MATERIAL SHOWN:

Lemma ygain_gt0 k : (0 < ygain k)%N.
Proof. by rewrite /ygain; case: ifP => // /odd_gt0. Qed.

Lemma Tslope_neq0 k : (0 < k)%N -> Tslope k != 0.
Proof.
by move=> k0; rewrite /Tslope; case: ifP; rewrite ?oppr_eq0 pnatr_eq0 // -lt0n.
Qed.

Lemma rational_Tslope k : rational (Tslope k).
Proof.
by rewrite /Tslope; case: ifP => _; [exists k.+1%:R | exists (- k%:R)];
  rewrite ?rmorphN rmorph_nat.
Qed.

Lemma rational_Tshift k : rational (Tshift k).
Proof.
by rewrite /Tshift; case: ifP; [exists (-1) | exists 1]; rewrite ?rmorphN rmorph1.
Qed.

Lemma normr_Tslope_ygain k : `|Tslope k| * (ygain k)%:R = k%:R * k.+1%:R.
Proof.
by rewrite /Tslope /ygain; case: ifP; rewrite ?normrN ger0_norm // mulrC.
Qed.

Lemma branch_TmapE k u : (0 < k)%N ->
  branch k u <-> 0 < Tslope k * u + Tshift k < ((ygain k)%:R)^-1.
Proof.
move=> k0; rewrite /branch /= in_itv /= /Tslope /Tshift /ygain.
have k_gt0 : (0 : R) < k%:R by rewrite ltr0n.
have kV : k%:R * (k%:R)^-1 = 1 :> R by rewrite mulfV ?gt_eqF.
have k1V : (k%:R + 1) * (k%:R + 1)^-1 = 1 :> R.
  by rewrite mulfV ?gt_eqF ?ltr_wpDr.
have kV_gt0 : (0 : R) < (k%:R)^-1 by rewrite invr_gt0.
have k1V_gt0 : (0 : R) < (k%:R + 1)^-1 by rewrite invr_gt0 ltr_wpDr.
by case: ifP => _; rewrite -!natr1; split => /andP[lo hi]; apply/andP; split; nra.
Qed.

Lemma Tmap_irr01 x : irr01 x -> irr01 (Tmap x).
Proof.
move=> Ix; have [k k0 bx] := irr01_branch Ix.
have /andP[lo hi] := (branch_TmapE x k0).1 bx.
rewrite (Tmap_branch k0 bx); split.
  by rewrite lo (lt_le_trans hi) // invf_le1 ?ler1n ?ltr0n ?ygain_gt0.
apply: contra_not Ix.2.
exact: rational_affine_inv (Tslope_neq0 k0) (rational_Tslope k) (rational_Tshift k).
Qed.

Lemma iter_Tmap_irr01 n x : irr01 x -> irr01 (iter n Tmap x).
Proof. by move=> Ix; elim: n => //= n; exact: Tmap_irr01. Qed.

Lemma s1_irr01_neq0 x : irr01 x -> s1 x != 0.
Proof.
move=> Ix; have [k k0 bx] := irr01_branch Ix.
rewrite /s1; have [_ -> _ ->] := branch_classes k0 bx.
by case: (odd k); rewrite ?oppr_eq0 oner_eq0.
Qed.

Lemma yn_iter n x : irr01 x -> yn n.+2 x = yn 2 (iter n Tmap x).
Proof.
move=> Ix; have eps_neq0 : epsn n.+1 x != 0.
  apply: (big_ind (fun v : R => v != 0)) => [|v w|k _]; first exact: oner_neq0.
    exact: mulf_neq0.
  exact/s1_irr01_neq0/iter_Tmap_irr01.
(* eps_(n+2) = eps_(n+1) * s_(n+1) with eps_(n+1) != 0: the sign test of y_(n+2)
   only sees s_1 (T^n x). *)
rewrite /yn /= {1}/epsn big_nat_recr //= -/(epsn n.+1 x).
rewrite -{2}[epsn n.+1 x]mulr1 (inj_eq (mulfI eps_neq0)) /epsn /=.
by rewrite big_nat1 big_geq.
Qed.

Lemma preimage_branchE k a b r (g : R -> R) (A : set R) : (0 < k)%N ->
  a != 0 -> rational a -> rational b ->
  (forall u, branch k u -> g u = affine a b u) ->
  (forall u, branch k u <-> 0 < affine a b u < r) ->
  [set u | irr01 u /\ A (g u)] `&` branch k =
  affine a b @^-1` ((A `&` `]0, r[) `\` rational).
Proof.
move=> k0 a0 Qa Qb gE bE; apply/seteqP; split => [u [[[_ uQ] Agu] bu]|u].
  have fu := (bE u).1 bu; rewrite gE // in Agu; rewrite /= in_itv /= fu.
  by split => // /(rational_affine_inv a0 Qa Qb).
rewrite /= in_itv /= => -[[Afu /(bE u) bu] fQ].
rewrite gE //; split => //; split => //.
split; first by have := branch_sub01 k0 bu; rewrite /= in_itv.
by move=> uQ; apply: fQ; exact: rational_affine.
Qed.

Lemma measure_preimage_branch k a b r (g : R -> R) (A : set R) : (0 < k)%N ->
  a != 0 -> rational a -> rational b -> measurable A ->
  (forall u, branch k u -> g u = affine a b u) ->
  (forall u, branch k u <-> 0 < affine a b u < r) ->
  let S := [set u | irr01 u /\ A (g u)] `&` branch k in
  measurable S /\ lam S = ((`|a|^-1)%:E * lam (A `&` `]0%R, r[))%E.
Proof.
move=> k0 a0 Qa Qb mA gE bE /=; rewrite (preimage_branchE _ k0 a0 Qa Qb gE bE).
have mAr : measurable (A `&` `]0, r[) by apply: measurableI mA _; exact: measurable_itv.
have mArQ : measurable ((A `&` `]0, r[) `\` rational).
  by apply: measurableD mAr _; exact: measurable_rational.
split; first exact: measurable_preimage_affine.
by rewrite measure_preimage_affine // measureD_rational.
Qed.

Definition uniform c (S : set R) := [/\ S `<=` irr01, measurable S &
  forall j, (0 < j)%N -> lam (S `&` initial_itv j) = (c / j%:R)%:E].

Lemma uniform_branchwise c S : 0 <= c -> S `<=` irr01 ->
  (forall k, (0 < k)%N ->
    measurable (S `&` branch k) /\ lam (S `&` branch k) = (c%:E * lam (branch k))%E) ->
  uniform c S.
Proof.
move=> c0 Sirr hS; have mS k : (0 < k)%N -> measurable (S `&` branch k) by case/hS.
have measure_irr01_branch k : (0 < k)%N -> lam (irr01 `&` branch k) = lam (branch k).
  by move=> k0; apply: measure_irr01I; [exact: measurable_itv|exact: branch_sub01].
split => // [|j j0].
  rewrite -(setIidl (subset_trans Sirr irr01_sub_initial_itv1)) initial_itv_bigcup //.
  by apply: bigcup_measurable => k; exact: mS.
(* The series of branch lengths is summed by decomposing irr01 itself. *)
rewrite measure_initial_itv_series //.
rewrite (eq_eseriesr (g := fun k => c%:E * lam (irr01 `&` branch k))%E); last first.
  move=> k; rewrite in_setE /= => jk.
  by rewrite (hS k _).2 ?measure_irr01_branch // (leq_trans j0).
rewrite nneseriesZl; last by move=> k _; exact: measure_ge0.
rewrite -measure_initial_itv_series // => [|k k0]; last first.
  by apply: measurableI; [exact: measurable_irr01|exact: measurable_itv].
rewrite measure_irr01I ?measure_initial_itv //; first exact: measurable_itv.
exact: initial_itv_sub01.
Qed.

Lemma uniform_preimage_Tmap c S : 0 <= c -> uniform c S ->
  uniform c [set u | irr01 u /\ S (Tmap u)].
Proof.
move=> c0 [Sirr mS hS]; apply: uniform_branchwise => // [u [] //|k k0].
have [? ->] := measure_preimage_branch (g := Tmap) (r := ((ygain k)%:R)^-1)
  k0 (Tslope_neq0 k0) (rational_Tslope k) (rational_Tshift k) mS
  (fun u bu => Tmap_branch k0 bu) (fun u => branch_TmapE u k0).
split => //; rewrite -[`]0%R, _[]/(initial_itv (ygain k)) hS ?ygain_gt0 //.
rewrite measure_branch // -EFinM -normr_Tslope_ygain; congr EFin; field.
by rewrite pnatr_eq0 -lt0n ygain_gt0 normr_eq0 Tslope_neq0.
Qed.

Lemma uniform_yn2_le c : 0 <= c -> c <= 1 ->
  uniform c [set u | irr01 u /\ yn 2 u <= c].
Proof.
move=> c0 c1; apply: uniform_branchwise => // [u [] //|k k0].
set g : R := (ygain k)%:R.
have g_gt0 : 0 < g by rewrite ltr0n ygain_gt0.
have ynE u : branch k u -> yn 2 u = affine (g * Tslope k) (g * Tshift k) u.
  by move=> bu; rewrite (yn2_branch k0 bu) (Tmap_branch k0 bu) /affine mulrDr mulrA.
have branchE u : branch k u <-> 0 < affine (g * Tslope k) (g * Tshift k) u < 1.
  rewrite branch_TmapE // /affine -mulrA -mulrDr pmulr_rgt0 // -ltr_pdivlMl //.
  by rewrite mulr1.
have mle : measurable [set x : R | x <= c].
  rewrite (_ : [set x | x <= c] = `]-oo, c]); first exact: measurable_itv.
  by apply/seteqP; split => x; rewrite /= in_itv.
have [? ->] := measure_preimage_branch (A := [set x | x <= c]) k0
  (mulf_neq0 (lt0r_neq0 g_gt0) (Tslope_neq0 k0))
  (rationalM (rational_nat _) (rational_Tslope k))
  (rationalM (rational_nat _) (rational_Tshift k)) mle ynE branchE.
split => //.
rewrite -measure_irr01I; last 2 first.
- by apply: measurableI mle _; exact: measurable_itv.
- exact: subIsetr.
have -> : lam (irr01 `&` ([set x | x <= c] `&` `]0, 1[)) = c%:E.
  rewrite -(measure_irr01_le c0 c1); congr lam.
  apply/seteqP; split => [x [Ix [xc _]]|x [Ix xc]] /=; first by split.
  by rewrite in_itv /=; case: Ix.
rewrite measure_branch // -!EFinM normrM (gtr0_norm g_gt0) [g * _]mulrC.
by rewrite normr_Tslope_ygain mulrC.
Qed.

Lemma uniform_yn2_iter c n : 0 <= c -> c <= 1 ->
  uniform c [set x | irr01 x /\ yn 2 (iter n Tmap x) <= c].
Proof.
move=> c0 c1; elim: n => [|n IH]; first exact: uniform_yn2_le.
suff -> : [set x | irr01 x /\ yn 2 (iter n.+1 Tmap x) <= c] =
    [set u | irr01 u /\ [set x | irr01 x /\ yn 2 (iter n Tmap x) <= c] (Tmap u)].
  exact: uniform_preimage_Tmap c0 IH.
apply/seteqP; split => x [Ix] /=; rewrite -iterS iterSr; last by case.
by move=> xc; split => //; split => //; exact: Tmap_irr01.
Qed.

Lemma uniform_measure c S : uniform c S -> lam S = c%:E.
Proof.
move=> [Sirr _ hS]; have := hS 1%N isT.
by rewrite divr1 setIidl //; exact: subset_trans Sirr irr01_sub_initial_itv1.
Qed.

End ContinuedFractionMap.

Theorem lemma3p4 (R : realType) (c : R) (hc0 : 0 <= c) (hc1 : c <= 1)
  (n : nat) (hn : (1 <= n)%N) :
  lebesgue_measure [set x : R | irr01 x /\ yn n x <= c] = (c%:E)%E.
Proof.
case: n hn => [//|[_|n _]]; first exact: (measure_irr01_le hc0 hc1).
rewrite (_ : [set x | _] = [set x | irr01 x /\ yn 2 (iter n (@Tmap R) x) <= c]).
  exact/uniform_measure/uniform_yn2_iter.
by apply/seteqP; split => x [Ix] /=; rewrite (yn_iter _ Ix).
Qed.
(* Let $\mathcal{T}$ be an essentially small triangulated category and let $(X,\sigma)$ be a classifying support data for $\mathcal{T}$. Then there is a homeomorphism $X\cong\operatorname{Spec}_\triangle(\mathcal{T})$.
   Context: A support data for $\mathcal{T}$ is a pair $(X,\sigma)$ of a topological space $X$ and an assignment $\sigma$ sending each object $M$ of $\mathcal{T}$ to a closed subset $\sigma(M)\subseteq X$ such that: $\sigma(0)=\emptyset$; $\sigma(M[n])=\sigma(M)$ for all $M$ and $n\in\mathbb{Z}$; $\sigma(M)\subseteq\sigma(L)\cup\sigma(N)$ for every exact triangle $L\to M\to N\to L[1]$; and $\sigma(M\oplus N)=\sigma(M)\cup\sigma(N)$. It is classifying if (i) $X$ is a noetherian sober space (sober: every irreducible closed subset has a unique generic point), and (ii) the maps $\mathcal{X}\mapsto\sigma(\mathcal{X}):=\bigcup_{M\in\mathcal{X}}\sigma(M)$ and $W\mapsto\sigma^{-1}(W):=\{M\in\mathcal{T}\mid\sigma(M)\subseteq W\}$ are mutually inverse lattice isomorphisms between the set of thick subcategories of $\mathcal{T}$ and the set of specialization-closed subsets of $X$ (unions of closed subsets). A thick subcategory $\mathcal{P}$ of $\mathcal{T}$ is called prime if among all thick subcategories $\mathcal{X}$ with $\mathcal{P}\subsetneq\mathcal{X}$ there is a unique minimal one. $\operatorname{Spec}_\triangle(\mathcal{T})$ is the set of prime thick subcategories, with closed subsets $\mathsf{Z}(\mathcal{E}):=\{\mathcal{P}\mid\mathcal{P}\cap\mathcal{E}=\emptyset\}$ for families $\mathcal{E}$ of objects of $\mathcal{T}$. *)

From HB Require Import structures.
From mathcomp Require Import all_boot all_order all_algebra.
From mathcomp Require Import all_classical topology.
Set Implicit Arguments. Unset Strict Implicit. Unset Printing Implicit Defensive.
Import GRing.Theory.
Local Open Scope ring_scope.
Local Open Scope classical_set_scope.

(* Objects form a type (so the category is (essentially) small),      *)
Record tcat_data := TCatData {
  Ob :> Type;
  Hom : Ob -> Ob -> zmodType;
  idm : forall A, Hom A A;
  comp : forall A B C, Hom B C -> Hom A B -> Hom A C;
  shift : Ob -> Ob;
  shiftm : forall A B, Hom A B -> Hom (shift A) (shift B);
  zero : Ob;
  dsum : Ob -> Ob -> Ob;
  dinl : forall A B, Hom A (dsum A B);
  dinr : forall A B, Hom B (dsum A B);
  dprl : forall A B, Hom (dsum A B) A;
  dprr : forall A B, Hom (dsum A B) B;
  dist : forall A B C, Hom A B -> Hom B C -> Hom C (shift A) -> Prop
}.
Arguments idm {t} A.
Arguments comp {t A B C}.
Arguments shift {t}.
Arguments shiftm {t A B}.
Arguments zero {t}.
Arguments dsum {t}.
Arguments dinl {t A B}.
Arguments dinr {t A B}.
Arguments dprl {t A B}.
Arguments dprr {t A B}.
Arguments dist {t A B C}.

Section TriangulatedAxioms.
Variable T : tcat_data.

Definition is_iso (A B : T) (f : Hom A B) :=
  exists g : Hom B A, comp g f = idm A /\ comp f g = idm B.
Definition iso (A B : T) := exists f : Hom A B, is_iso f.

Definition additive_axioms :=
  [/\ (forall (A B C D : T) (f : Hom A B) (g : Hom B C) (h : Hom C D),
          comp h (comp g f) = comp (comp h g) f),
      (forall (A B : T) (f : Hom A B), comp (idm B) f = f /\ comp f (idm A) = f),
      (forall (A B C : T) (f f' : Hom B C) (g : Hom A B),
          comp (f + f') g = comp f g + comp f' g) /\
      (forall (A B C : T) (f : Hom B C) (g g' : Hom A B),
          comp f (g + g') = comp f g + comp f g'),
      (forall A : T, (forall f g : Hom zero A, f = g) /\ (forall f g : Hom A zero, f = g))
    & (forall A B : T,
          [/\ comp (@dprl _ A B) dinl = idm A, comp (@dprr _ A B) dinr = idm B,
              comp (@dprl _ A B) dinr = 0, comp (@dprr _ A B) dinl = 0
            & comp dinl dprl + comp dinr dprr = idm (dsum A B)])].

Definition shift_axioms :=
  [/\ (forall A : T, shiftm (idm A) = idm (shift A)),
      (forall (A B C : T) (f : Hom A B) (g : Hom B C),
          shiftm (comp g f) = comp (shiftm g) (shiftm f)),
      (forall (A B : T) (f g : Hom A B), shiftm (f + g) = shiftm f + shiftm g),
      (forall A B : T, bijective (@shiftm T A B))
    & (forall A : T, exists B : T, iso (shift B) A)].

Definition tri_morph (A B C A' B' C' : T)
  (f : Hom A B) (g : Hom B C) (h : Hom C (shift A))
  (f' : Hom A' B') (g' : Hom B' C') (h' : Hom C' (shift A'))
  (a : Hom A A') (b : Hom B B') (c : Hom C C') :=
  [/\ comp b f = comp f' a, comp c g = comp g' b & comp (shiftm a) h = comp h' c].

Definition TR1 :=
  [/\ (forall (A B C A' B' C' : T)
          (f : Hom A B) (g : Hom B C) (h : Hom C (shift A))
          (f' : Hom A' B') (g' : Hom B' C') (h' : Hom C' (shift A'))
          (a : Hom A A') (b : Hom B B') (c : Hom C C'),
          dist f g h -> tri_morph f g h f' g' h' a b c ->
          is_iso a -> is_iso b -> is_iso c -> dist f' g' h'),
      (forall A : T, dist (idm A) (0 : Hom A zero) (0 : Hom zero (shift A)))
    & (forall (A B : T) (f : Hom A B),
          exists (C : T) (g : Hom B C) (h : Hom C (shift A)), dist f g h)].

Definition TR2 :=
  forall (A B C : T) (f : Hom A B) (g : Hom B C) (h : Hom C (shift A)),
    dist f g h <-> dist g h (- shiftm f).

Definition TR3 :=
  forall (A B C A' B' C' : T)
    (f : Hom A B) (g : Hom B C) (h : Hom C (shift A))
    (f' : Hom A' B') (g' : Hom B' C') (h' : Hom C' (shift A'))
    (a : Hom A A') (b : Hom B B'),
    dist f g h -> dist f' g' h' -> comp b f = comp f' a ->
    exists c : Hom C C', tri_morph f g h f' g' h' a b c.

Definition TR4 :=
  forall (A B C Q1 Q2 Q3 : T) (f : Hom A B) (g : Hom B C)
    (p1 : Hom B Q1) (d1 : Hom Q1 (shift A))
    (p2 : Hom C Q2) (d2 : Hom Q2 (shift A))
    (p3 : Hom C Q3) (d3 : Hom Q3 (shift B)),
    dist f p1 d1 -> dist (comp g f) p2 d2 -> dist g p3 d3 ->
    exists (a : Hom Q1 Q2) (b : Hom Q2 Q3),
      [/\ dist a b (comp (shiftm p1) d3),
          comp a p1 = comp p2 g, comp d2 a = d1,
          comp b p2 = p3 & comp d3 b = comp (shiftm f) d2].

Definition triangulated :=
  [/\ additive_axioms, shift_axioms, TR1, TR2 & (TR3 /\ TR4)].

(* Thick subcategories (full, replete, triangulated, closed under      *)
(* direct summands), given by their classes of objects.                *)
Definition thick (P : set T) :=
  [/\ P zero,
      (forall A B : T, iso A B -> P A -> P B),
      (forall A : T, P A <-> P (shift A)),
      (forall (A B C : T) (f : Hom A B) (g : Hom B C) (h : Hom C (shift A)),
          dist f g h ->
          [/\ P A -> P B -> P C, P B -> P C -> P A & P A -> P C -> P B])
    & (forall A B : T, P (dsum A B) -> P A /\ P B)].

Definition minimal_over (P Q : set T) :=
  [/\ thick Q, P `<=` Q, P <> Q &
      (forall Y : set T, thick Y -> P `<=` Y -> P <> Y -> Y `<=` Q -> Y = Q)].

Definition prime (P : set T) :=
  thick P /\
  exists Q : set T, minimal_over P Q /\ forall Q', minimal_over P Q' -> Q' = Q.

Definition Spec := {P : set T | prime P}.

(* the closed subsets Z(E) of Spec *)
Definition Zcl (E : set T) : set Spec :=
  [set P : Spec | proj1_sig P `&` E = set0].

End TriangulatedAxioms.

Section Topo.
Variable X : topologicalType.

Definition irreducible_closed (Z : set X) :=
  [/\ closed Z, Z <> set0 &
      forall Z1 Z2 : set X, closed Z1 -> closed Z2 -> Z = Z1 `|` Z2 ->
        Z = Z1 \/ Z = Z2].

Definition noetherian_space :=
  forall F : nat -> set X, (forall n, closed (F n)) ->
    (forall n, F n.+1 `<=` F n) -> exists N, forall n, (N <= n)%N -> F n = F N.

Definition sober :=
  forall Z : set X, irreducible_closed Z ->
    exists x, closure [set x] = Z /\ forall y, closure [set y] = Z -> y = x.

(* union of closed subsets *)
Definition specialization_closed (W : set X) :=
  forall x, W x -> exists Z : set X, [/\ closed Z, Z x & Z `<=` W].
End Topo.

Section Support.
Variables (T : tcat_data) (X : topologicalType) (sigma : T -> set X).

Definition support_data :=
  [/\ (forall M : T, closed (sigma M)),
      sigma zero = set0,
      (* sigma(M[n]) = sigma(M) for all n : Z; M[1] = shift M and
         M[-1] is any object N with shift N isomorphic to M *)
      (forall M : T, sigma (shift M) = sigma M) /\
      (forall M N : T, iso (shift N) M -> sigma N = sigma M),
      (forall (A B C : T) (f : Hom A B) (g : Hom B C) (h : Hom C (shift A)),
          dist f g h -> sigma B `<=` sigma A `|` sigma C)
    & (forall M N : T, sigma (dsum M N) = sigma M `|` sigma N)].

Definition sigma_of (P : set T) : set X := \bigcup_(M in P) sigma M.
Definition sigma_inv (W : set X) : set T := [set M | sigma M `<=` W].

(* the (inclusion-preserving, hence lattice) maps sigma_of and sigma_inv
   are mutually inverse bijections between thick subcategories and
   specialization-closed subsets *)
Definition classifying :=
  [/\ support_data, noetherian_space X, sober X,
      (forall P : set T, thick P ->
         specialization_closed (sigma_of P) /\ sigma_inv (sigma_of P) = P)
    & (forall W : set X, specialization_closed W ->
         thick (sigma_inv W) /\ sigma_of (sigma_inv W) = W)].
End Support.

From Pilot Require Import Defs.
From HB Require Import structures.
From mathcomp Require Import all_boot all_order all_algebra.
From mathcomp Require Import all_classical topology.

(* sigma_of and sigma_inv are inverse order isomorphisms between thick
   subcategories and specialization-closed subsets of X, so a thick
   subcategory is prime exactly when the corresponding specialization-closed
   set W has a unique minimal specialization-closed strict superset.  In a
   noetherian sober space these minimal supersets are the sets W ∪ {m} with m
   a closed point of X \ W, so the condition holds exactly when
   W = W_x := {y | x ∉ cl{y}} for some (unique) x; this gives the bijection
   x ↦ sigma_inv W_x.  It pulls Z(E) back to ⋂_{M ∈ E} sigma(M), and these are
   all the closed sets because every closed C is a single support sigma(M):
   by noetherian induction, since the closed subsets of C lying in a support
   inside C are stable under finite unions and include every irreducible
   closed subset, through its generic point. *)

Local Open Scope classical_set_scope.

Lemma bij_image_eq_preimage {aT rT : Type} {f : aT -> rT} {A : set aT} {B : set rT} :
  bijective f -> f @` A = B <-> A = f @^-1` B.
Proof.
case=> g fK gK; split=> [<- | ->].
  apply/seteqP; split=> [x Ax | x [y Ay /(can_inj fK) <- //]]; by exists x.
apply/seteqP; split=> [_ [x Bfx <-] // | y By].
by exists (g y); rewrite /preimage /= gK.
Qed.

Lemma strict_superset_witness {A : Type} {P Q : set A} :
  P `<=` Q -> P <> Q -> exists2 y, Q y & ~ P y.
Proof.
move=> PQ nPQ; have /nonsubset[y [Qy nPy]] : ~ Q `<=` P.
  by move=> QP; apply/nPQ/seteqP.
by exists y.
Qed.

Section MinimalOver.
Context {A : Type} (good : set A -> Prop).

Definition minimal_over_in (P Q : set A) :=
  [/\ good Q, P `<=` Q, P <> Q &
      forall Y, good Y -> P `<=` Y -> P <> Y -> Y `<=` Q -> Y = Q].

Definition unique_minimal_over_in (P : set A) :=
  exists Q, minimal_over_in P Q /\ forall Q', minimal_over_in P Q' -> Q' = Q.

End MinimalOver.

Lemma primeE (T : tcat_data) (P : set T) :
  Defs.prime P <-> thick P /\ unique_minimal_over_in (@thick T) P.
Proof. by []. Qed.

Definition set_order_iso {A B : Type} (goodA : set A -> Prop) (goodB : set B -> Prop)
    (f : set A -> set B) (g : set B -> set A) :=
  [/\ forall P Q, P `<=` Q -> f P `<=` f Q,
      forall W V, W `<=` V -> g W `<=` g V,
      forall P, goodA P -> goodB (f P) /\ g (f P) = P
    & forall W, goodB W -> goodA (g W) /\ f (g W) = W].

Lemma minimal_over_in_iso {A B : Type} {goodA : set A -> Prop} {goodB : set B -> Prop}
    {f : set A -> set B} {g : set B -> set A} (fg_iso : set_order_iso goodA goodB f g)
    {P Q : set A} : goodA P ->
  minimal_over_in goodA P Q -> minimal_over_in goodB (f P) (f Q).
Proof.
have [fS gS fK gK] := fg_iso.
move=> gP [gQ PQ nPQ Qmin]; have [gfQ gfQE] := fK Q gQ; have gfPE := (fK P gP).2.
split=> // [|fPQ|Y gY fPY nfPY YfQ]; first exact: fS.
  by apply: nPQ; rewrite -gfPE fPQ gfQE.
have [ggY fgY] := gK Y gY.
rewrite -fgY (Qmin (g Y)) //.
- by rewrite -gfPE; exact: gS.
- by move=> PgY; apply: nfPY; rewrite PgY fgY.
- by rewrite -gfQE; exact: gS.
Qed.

WHAT THIS TASK INVOLVES: Please transcribe the records exactly from their first line through the line holding "have k_gt0 : (0 : R) < k%:R by rewrite ltr0n.", and leave out all others.

SOLUTION FOR THIS PROBLEM:
Lemma ygain_gt0 k : (0 < ygain k)%N.
Proof. by rewrite /ygain; case: ifP => // /odd_gt0. Qed.

Lemma Tslope_neq0 k : (0 < k)%N -> Tslope k != 0.
Proof.
by move=> k0; rewrite /Tslope; case: ifP; rewrite ?oppr_eq0 pnatr_eq0 // -lt0n.
Qed.

Lemma rational_Tslope k : rational (Tslope k).
Proof.
by rewrite /Tslope; case: ifP => _; [exists k.+1%:R | exists (- k%:R)];
  rewrite ?rmorphN rmorph_nat.
Qed.

Lemma rational_Tshift k : rational (Tshift k).
Proof.
by rewrite /Tshift; case: ifP; [exists (-1) | exists 1]; rewrite ?rmorphN rmorph1.
Qed.

Lemma normr_Tslope_ygain k : `|Tslope k| * (ygain k)%:R = k%:R * k.+1%:R.
Proof.
by rewrite /Tslope /ygain; case: ifP; rewrite ?normrN ger0_norm // mulrC.
Qed.

Lemma branch_TmapE k u : (0 < k)%N ->
  branch k u <-> 0 < Tslope k * u + Tshift k < ((ygain k)%:R)^-1.
Proof.
move=> k0; rewrite /branch /= in_itv /= /Tslope /Tshift /ygain.
have k_gt0 : (0 : R) < k%:R by rewrite ltr0n.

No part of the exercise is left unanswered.